Terms: Free Time, Demurrage, and Detention

Free Time: The amount of time containers are allowed to sit within the terminal (full) with no additional fees for sitting. This time is based on the contractual agreement between the carrier and the shipper/consignee on the bill of lading. This period typically ranges from 2 to 5 days free. Free time begins once containers are offloaded for imports or ingated for exports.

Demurrage:  The amount of time that filled containers or bulk cargo spends inside the terminal beyond the free period. This is measured from the date the free time ends until containers are out-gated. These fees are used to incentivize the timely movement of equipment and discourage the use of port terminals to store goods.

Detention: is the time containers spend outside the terminal. Detention is charged whether the equipment is full or empty. These charges incentivize prompt return of equipment and generally begin after a period of free time allotted off port for equipment. Per diem is a form of detention.

What are some reasons that demurrage and detention may be incurred and who is responsible for them?

A few reasons that delays causing demurrage and detention can be incurred:

  • Port Congestion
  • Weather Events
  • Inland Carrier Capacity Constraints
  • Government Holds
  • Late Release

That being said, how do you avoid demurrage costs? Since the bill of lading is the written contract for the movement of all ocean cargo, the shipper or consignee is fully responsible for all payments of demurrage and detention. The FMC has issued guidance on the required details that should be provided with the invoice for demurrage and detention costs and who can be billed for these costs. More information on the final rule can be found on the FMC website.

How to Avoid Demurrage and Detention Fees:

  • Hire a professional. Hire a professional to help you navigate the complexities of the process.
  • Plan ahead.

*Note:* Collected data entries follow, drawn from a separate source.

Lemma cone_moment_cone A : cone (moment_cone A).
Proof.
split.
  move=> _ _ [l1 [t1 [l1A t1_ge0 pos1 ->]]] [l2 [t2 [l2A t2_ge0 pos2 ->]]].
  exists (l1 ++ l2), (t1 + t2); split.
  - by move=> p; rewrite mem_cat => /orP[/l1A|/l2A].
  - by rewrite addr_ge0.
  - by rewrite big_cat /=; lra.
  - by apply: funext => -[i|]; rewrite /= /fmean !big_cat /=; ring.
move=> s _ s_gt0 [l [t [lA t_ge0 pos ->]]].
exists [seq (s * p.1, p.2) | p <- l], (s * t); split.
- by move=> _ /mapP[p /lA[p1 p2] ->]; split => //; exact: mulr_gt0.
- exact: mulr_ge0 (ltW s_gt0) t_ge0.
- by rewrite big_map -mulr_sumr -mulrDr mulr_gt0.
- apply: funext => -[i|]; rewrite /= /fmean big_map /= mulrBr mulr_sumr //.
  by rewrite mulrA; congr (_ - _); apply: eq_bigr => p _; rewrite mulrA.
Qed.

Lemma moment_cone_nz J A : ~ (exists l, represents_means J A l) ->
  forall x, moment_cone A x -> has (fun o => x o != 0) (None :: map Some J).
Proof.
move=> norep _ [l [t [lA t_ge0 pos ->]]]; apply: contra_notT norep => /hasPn gap0.
have mass_t : \sum_(p <- l) p.1 = t.
  by apply/eqP; have := gap0 None (mem_head _ _); rewrite negbK subr_eq0.
have t_gt0 : 0 < t by lra.
exists [seq (p.1 / t, p.2) | p <- l]; split.
- by move=> _ /mapP[p /lA[p1 p2] ->]; split => //; exact: divr_gt0.
- by rewrite big_map -mulr_suml mass_t divff // gt_eqF.
- move=> i iJ; have := gap0 (Some i); rewrite /= in_cons map_f // negbK subr_eq0.
  move=> /(_ isT) /eqP fmean_eq; rewrite /fmean big_map /=.
  under eq_bigr do rewrite mulrAC.
  by rewrite -mulr_suml -/(fmean l i) fmean_eq mulrAC divff ?mul1r // gt_eqF.
Qed.

Lemma separating_affine J A : uniq J -> ~ (exists l, represents_means J A l) ->
  exists c u, [/\ (c != 0) || has (fun i => u i != 0) J,
    forall a, A a -> 0 <= c + dot J u (F a) & c + dot J u mean <= 0].
Proof.
move=> uJ norep.
have [|||v v_nz v_ge0] := cone_separation (uniq_option_seq uJ) (C := moment_cone A).
- by exists (moment_gap [::] 1), [::], 1; rewrite big_nil add0r.
- exact: cone_moment_cone.
- exact: moment_cone_nz.
have v_eta : v = fun o => if o is Some i then v (Some i) else v None.
  by apply: funext => -[].
rewrite {}v_eta in v_ge0.
exists (v None), (fun i => v (Some i)); split.
- by move: v_nz; rewrite /= has_map.
- move=> a Aa; have := v_ge0 (moment_gap [:: (1, a)] 0).
  rewrite dot_moment_gap big_seq1 mul1r mul0r subr0; apply.
  exists [:: (1, a)], 0; split; rewrite ?big_seq1 ?addr0 //.
  by move=> p; rewrite mem_seq1 => /eqP ->.
- have := v_ge0 (moment_gap [::] 1); rewrite dot_moment_gap big_nil mul1r sub0r oppr_ge0.
  by apply; exists [::], 1; rewrite big_nil add0r.
Qed.

Lemma affine_relation J A : uniq J -> {ae P, forall t, A (X t)} ->
    ~ (exists l, represents_means J A l) ->
  exists c u, [/\ has (fun i => u i != 0) J,
    {ae P, forall t, c + dot J u (F (X t)) = 0} & c + dot J u mean = 0].
Proof.
move=> uJ AX norep.
have [c [u [nontriv ge0_on_A mean_le0]]] := separating_affine uJ norep.
have [int_affine integral_affine_eq] := integral_affine J c u.
have int_le0 : (\int[P]_t (c + dot J u (F (X t)))%:E <= 0)%E.
  by rewrite integral_affine_eq lee_fin.
have ae_ge0 : {ae P, forall t, 0 <= c + dot J u (F (X t))}.
  by apply: filterS AX => t; apply: ge0_on_A.
have [ae0 int0] := ae_ge0_integral_le0 int_affine ae_ge0 int_le0.
have mean0 : c + dot J u mean = 0 by move: int0; rewrite integral_affine_eq => -[].
exists c, u; split => //; apply: contraTT nontriv => /hasPn u_eq0.
have dot0 : dot J u mean = 0.
  by rewrite /dot big1_seq // => i /andP[_ /u_eq0]; rewrite negbK => /eqP ->; rewrite mul0r.
rewrite negb_or negbK; apply/andP; split; last exact/hasPn.
by move: mean0; rewrite dot0 addr0 => ->.
Qed.

(* Induction on the number of moments: the a.s. affine relation confines [X]
   to the hyperplane [H], on which the moment [j] (with [u j != 0]) is an
   affine function of the others. *)
Lemma means_representable J A : uniq J -> {ae P, forall t, A (X t)} ->
  exists l, represents_means J A l.
Proof.
move: {2}(size J) (leqnn (size J)) => n; elim: n J A => [|n IH] J A sJ uJ AX;
  have [//|norep] := pselect (exists l, represents_means J A l);
  have [c [u [/hasP[j jJ uj] ae0 mean0]]] := affine_relation uJ AX norep.
  by move: sJ; rewrite leqn0 => /nilP J0; rewrite J0 in jJ.
pose H := [set a | A a /\ c + dot J u (F a) = 0].
have [|||l [lH mass1 fmean_eq]] := IH (rem j J) H.
- by rewrite size_rem //; case: (size J) sJ.
- exact: rem_uniq.
- by apply: filterS2 AX ae0 => t; split.
exfalso; apply: norep; exists l; split => //; first by move=> p /lH[? []].
have fmean_eq_rem : dot (rem j J) u (fmean l) = dot (rem j J) u mean.
  by apply: eq_big_seq => i /fmean_eq ->.
have fmean0 : c + dot J u (fmean l) = 0.
  rewrite -[c]mulr1 -mass1 -fmean_affine big1_seq // => p /andP[_ /lH[_ [_ ->]]].
  by rewrite mulr0.
move=> i iJ; case: (eqVneq i j) => [->|ij]; last first.
  by apply: fmean_eq; rewrite mem_rem_uniq // inE ij.
apply: (mulfI uj); move: fmean0 mean0; rewrite !(dot_rem _ _ jJ) fmean_eq_rem.
by move=> e1 e2; lra.
Qed.

End MeanRepresentation.

Lemma affine_dependence (K : fieldType) (k N : nat) (v : 'I_N -> 'rV[K]_k) :
  (k.+1 < N)%N ->
  exists w : 'I_N -> K,
    [/\ \sum_i w i *: v i = 0, \sum_i w i = 0 & exists i, w i != 0].
Proof.
move=> kN; pose M : 'M[K]_(N, k + 1) := row_mx (\matrix_i v i) (const_mx 1).
have /rowV0Pn[w /sub_kermxP] : kermx M != 0.
  rewrite kermx_eq0 /row_free; apply: contraTneq kN => <-.
  by rewrite -leqNgt -[k.+1]addn1 rank_leq_col.
rewrite mul_mx_row => /eqP; rewrite row_mx_eq0 => /andP[/eqP wv /eqP w1] w_nz.
exists (w 0); split.
- by rewrite -[RHS]wv mulmx_sum_row; apply: eq_bigr => i _; rewrite rowK.
- have := congr1 (fun m : 'M[K]_(1, 1) => m 0 0) w1; rewrite /= !mxE => w1'.
  by rewrite -[RHS]w1'; apply: eq_bigr => i _; rewrite mxE mulr1.
- apply/existsP; apply: contraNT w_nz; rewrite negb_exists => /forallP w0.
  by apply/eqP/rowP => i; rewrite mxE; apply/eqP/negPn/w0.
Qed.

Be clear on the arrival date of your goods and the free time period, and keep communication with all parties open so that nothing is pending upon arrival.
  • Gather shipping documents early and be sure you have collected all the information required for timely handling before arrival.
    • IMPORT—Be sure the ISF was filed prior to loading. If it is late, the CBP AT-CET team may hold it for additional time, and potential exams and delays may occur.
    • IMPORT—For a list of the documents required for Import of goods, see our previous blog post on Import Documentation here
    • EXPORT—Be sure the VGM (Verified Gross Mass) certificates are present with the shipment. Containers will not be placed on the vessel for export without the VGM.
  • Pre-dispatch the shipment to the inland carrier as early as possible to avoid delays. In some ports, that means prepaying terminal fees and pre-scheduling pick-up times. Each US port handles shipments differently, but preplanning and early dispatch ensure a more timely spot to ingate/ outgate, assuming all holds are removed upon arrival.
  • Ensure all holds are removed prior to arrival. Imports require a freight release and a CBP (and other participating government agency release). Ensure that the original bill of lading and charges are paid in full to the carrier before the arrival of the goods. The Customs and Border Protection release can be transmitted up to 5 days before vessel arrival, assuming the Customs Broker has all of the required documents to make the filing early. USDA/APHIS, USDA AMS, EPA Pesticides, and some Food & Drug products will not be allowed to move off the port terminal to anywhere other than an approved exam site prior to release, so keep in mind additional delays for certain classes of products may prevent movement until fully released should there be delays with release from those agencies. The Customs Broker filing the CBP entry will handle those the participating government agency holds with the ACE CBP message set and can confirm if a may proceed or release has been issued.
  • Receive and unload quickly. Provide the correct contact details for delivery/pick up to the inland carrier so pickup and delivery can be coordinated quickly with the shipper or consignee. Once you have taken possession of the equipment, load or offload the goods and return the empty for import/full for export to the terminal quickly to avoid detention. Prompt chassis return will also mitigate additional costs with the chassis and per diem for the equipment.

Filing a Charge Complaint:

Government holds or exams are outside of your control, so if delays occur, the government will not cover the demurrage or detention incurred.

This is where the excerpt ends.